■ Assignment ■
Return the entries in full, exactly as they were written.

■ Data entries ■
Lemma open_itv_derivable_zero_const J f t1 t2 : open_itv J ->
  (forall t, J t -> derivable_pt_lim f t 0) -> J t1 -> J t2 -> f t1 = f t2.
Proof.
  intros [_ [Hconv _]] Hf H1 H2.
  destruct (Rtotal_order t1 t2) as [H|[->|H]]; [| reflexivity |].
  - destruct (MVT_cor2 f (fun _ => 0) t1 t2 H) as [c [Hc _]];
      [intros c Hc; apply Hf, (Hconv t1 c t2); auto | lra].
  - destruct (MVT_cor2 f (fun _ => 0) t2 t1 H) as [c [Hc _]];
      [intros c Hc; apply Hf, (Hconv t2 c t1); auto | lra].
Qed.

(** * Energy balance along a solution *)

Section Solution.

Variables (U : R -> R -> R -> R -> Prop) (J : R -> Prop) (A u : R -> R -> R).
Hypotheses (HU : open4 U) (HJ : open_itv J) (HA : smooth2 J A) (Hu : smooth2 J u)
  (HAU : forall s t, J t -> U (A s t) (dt A s t) (ds A s t) (u s t)).

Definition along_deriv (D : (R -> R -> R) -> R -> R -> R) (g : R -> R -> R -> R -> R) s t :=
  along (lpd 0 g) A u s t * D A s t + along (lpd 1 g) A u s t * D (dt A) s t
  + along (lpd 2 g) A u s t * D (ds A) s t + along (lpd 3 g) A u s t * D u s t.

Lemma along_derivable_t g s t : smooth4 U g -> J t ->
  derivable_pt_lim (fun t' => along g A u s t') t (along_deriv dt g s t).
Proof.
  intros Hg Ht; unfold along, along_deriv.
  apply (derivable_pt_lim_comp4 U g (fun t' => A s t') (fun t' => dt A s t')
           (fun t' => ds A s t') (fun t' => u s t')); auto;
    apply (smooth2_derivable_t J); auto using smooth2_dt, smooth2_ds.
Qed.

Lemma along_derivable_s g s t : smooth4 U g -> J t ->
  derivable_pt_lim (fun s' => along g A u s' t) s (along_deriv ds g s t).
Proof.
  intros Hg Ht; unfold along, along_deriv.
  apply (derivable_pt_lim_comp4 U g (fun s' => A s' t) (fun s' => dt A s' t)
           (fun s' => ds A s' t) (fun s' => u s' t)); auto;
    apply (smooth2_derivable_s J); auto using smooth2_dt, smooth2_ds.
Qed.

Lemma continuity_2d_pt_along g s t : smooth4 U g -> J t -> continuity_2d_pt (along g A u) s t.
Proof.
  intros Hg Ht; unfold along.
  refine (continuity_2d_pt_smooth4_comp U g A (dt A) (ds A) u s t HU Hg (HAU s t Ht) _ _ _ _);
    apply (smooth2_continuity_2d_pt J); auto using smooth2_dt, smooth2_ds.
Qed.

Lemma continuity_2d_pt_dt_along g s t : smooth4 U g -> J t ->
  continuity_2d_pt (dt (along g A u)) s t.
Proof.
  intros Hg Ht; apply continuity_2d_pt_ext_loc with (along_deriv dt g).
  - apply (open_itv_locally_2d J); auto; intros s' t' Ht'.
    symmetry; apply Dr_eq, along_derivable_t; auto.
  - unfold along_deriv.
    repeat apply continuity_2d_pt_plus; apply continuity_2d_pt_mult;
      first [apply continuity_2d_pt_along | apply (smooth2_continuity_2d_pt J)];
      auto using smooth2_dt, smooth2_ds; apply smooth4_lpd; auto; lia.
Qed.

Section Energy.

Variables (l : R -> R -> R -> R -> R) (p : R -> R -> R) (pext L : R).
Hypotheses (Hl : smooth4 U l) (Hp : smooth2 J p)
  (Hper : forall s t, J t -> A (s + L) t = A s t /\ u (s + L) t = u s t /\ p (s + L) t = p s t)
  (Hmom : forall s t, J t ->
     dt (along (lpd 3 l) A u) s t + u s t * ds (along (lpd 3 l) A u) s t
       + 2 * along (lpd 3 l) A u s t * ds u s t = - A s t * ds p s t)
  (Harea : forall s t, J t ->
     dt (along (lpd 1 l) A u) s t + ds (along (lpd 2 l) A u) s t
       - along (lpd 0 l) A u s t = p s t - pext)
  (Hmass : forall s t, J t -> dt A s t + ds (fun s' t' => A s' t' * u s' t') s t = 0).

Definition energy_density s t :=
  along (lpd 1 l) A u s t * dt A s t + along (lpd 3 l) A u s t * u s t - along l A u s t.

Definition energy_rate s t :=
  dt (along (lpd 1 l) A u) s t * dt A s t + dt (along (lpd 3 l) A u) s t * u s t
  - along (lpd 0 l) A u s t * dt A s t - along (lpd 2 l) A u s t * dt (ds A) s t.

Definition energy_flux s t :=
  along (lpd 2 l) A u s t * dt A s t + u s t * u s t * along (lpd 3 l) A u s t
  + (p s t - pext) * A s t * u s t.

Lemma energy_density_derivable_t s t : J t ->
  derivable_pt_lim (fun t' => energy_density s t') t (energy_rate s t).
Proof.
  intros Ht.
  pose proof (derivable_pt_lim_Dr _ _ _
                (along_derivable_t _ s t (smooth4_lpd U l 1 ltac:(lia) Hl) Ht)) as D1.
  pose proof (derivable_pt_lim_Dr _ _ _
                (along_derivable_t _ s t (smooth4_lpd U l 3 ltac:(lia) Hl) Ht)) as D3.
  pose proof (along_derivable_t l s t Hl Ht) as D0.
  pose proof (smooth2_derivable_t J (dt A) s t (smooth2_dt J A HA) Ht) as DA.
  pose proof (smooth2_derivable_t J u s t Hu Ht) as Du.
  replace (energy_rate s t) with
    (dt (along (lpd 1 l) A u) s t * dt A s t + along (lpd 1 l) A u s t * dt (dt A) s t
     + (dt (along (lpd 3 l) A u) s t * u s t + along (lpd 3 l) A u s t * dt u s t)
     - along_deriv dt l s t) by (unfold energy_rate, along_deriv; ring).
  exact (derivable_pt_lim_minus _ _ t _ _
           (derivable_pt_lim_plus _ _ t _ _ (derivable_pt_lim_mult _ _ t _ _ D1 DA)
              (derivable_pt_lim_mult _ _ t _ _ D3 Du)) D0).
Qed.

■ Reply ■
Lemma open_itv_derivable_zero_const J f t1 t2 : open_itv J ->
  (forall t, J t -> derivable_pt_lim f t 0) -> J t1 -> J t2 -> f t1 = f t2.
Proof.
  intros [_ [Hconv _]] Hf H1 H2.
  destruct (Rtotal_order t1 t2) as [H|[->|H]]; [| reflexivity |].
  - destruct (MVT_cor2 f (fun _ => 0) t1 t2 H) as [c [Hc _]];
      [intros c Hc; apply Hf, (Hconv t1 c t2); auto | lra].
  - destruct (MVT_cor2 f (fun _ => 0) t2 t1 H) as [c [Hc _]];
      [intros c Hc; apply Hf, (Hconv t2 c t1); auto | lra].
Qed.

(** * Energy balance along a solution *)

Section Solution.

Variables (U : R -> R -> R -> R -> Prop) (J : R -> Prop) (A u : R -> R -> R).
Hypotheses (HU : open4 U) (HJ : open_itv J) (HA : smooth2 J A) (Hu : smooth2 J u)
  (HAU : forall s t, J t -> U (A s t) (dt A s t) (ds A s t) (u s t)).

Definition along_deriv (D : (R -> R -> R) -> R -> R -> R) (g : R -> R -> R -> R -> R) s t :=
  along (lpd 0 g) A u s t * D A s t + along (lpd 1 g) A u s t * D (dt A) s t
  + along (lpd 2 g) A u s t * D (ds A) s t + along (lpd 3 g) A u s t * D u s t.

Lemma along_derivable_t g s t : smooth4 U g -> J t ->
  derivable_pt_lim (fun t' => along g A u s t') t (along_deriv dt g s t).
Proof.
  intros Hg Ht; unfold along, along_deriv.
  apply (derivable_pt_lim_comp4 U g (fun t' => A s t') (fun t' => dt A s t')
           (fun t' => ds A s t') (fun t' => u s t')); auto;
    apply (smooth2_derivable_t J); auto using smooth2_dt, smooth2_ds.
Qed.

Lemma along_derivable_s g s t : smooth4 U g -> J t ->
  derivable_pt_lim (fun s' => along g A u s' t) s (along_deriv ds g s t).
Proof.
  intros Hg Ht; unfold along, along_deriv.
  apply (derivable_pt_lim_comp4 U g (fun s' => A s' t) (fun s' => dt A s' t)
           (fun s' => ds A s' t) (fun s' => u s' t)); auto;
    apply (smooth2_derivable_s J); auto using smooth2_dt, smooth2_ds.
Qed.

Lemma continuity_2d_pt_along g s t : smooth4 U g -> J t -> continuity_2d_pt (along g A u) s t.
Proof.
  intros Hg Ht; unfold along.
  refine (continuity_2d_pt_smooth4_comp U g A (dt A) (ds A) u s t HU Hg (HAU s t Ht) _ _ _ _);
    apply (smooth2_continuity_2d_pt J); auto using smooth2_dt, smooth2_ds.
Qed.

Lemma continuity_2d_pt_dt_along g s t : smooth4 U g -> J t ->
  continuity_2d_pt (dt (along g A u)) s t.
Proof.
  intros Hg Ht; apply continuity_2d_pt_ext_loc with (along_deriv dt g).
  - apply (open_itv_locally_2d J); auto; intros s' t' Ht'.
    symmetry; apply Dr_eq, along_derivable_t; auto.
  - unfold along_deriv.
    repeat apply continuity_2d_pt_plus; apply continuity_2d_pt_mult;
      first [apply continuity_2d_pt_along | apply (smooth2_continuity_2d_pt J)];
      auto using smooth2_dt, smooth2_ds; apply smooth4_lpd; auto; lia.
Qed.

Section Energy.

Variables (l : R -> R -> R -> R -> R) (p : R -> R -> R) (pext L : R).
Hypotheses (Hl : smooth4 U l) (Hp : smooth2 J p)
  (Hper : forall s t, J t -> A (s + L) t = A s t /\ u (s + L) t = u s t /\ p (s + L) t = p s t)
  (Hmom : forall s t, J t ->
     dt (along (lpd 3 l) A u) s t + u s t * ds (along (lpd 3 l) A u) s t
       + 2 * along (lpd 3 l) A u s t * ds u s t = - A s t * ds p s t)
  (Harea : forall s t, J t ->
     dt (along (lpd 1 l) A u) s t + ds (along (lpd 2 l) A u) s t
       - along (lpd 0 l) A u s t = p s t - pext)
  (Hmass : forall s t, J t -> dt A s t + ds (fun s' t' => A s' t' * u s' t') s t = 0).

Definition energy_density s t :=
  along (lpd 1 l) A u s t * dt A s t + along (lpd 3 l) A u s t * u s t - along l A u s t.

Definition energy_rate s t :=
  dt (along (lpd 1 l) A u) s t * dt A s t + dt (along (lpd 3 l) A u) s t * u s t
  - along (lpd 0 l) A u s t * dt A s t - along (lpd 2 l) A u s t * dt (ds A) s t.

Definition energy_flux s t :=
  along (lpd 2 l) A u s t * dt A s t + u s t * u s t * along (lpd 3 l) A u s t
  + (p s t - pext) * A s t * u s t.

Lemma energy_density_derivable_t s t : J t ->
  derivable_pt_lim (fun t' => energy_density s t') t (energy_rate s t).
Proof.
  intros Ht.
  pose proof (derivable_pt_lim_Dr _ _ _
                (along_derivable_t _ s t (smooth4_lpd U l 1 ltac:(lia) Hl) Ht)) as D1.
  pose proof (derivable_pt_lim_Dr _ _ _
                (along_derivable_t _ s t (smooth4_lpd U l 3 ltac:(lia) Hl) Ht)) as D3.
  pose proof (along_derivable_t l s t Hl Ht) as D0.
  pose proof (smooth2_derivable_t J (dt A) s t (smooth2_dt J A HA) Ht) as DA.
  pose proof (smooth2_derivable_t J u s t Hu Ht) as Du.
  replace (energy_rate s t) with
    (dt (along (lpd 1 l) A u) s t * dt A s t + along (lpd 1 l) A u s t * dt (dt A) s t
     + (dt (along (lpd 3 l) A u) s t * u s t + along (lpd 3 l) A u s t * dt u s t)
     - along_deriv dt l s t) by (unfold energy_rate, along_deriv; ring).
  exact (derivable_pt_lim_minus _ _ t _ _
           (derivable_pt_lim_plus _ _ t _ _ (derivable_pt_lim_mult _ _ t _ _ D1 DA)
              (derivable_pt_lim_mult _ _ t _ _ D3 Du)) D0).
Qed.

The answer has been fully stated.